─── EXERCISE INPUTS

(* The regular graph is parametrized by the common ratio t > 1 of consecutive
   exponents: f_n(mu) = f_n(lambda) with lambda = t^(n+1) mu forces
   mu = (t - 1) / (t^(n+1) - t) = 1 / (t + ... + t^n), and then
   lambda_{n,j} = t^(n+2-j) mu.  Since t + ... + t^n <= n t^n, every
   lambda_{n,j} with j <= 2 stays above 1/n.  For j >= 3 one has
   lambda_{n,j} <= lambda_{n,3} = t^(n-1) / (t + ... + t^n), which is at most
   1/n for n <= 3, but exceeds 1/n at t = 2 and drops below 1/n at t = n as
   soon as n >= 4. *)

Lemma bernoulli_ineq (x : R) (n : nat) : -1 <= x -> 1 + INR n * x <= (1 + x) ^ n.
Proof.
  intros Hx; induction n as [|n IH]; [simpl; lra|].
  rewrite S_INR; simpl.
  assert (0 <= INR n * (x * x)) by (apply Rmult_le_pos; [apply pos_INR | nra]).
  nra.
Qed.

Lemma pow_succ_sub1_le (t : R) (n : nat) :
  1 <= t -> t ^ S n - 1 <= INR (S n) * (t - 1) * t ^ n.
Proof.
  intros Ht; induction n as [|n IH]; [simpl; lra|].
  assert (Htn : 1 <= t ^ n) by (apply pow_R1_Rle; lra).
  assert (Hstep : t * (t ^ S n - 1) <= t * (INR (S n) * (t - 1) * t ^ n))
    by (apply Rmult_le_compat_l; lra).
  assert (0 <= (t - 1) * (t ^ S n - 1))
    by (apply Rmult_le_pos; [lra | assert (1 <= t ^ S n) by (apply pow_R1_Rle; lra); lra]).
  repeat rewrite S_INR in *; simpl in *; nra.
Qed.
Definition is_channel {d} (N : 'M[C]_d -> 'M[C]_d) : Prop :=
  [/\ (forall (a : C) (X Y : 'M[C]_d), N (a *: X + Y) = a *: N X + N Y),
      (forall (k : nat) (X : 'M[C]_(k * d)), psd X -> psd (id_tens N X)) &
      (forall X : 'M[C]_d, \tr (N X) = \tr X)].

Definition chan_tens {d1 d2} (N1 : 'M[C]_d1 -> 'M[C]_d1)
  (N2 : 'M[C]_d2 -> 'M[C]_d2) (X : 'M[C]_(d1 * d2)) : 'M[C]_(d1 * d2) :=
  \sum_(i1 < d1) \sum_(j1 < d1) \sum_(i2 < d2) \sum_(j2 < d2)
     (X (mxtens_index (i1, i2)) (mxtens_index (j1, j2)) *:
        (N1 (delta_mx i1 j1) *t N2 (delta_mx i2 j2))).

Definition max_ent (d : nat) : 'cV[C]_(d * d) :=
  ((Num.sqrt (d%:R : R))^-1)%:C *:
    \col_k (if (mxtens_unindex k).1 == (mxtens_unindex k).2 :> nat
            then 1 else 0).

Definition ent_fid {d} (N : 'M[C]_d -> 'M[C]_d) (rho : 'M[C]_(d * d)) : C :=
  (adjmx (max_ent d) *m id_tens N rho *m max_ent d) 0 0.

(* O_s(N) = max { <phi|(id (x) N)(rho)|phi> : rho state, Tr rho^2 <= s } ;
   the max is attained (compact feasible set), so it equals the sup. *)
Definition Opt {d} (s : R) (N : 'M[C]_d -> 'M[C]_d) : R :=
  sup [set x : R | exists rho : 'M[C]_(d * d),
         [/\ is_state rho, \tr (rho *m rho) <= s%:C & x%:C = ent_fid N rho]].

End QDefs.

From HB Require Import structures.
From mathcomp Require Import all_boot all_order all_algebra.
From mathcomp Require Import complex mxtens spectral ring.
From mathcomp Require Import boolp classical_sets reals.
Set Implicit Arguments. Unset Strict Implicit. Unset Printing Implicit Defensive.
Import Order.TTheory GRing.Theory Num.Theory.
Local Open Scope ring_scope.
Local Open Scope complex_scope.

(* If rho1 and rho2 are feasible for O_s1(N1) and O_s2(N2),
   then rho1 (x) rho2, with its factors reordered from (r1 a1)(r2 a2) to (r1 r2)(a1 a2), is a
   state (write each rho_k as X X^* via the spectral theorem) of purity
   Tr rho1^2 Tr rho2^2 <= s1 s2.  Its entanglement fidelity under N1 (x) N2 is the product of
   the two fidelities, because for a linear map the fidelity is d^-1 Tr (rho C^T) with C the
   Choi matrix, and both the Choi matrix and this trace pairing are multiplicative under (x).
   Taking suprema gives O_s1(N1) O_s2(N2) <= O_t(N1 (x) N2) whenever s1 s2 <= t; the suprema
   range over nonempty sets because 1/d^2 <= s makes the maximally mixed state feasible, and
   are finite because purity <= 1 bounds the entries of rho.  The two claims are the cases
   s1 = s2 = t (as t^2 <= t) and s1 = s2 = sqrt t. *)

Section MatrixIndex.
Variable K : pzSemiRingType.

──────

### AIM OF THE EXERCISE
Only the number is required: state how many lines of the entries hold the word "purity".

### RESPONSE TO THE EXERCISE
2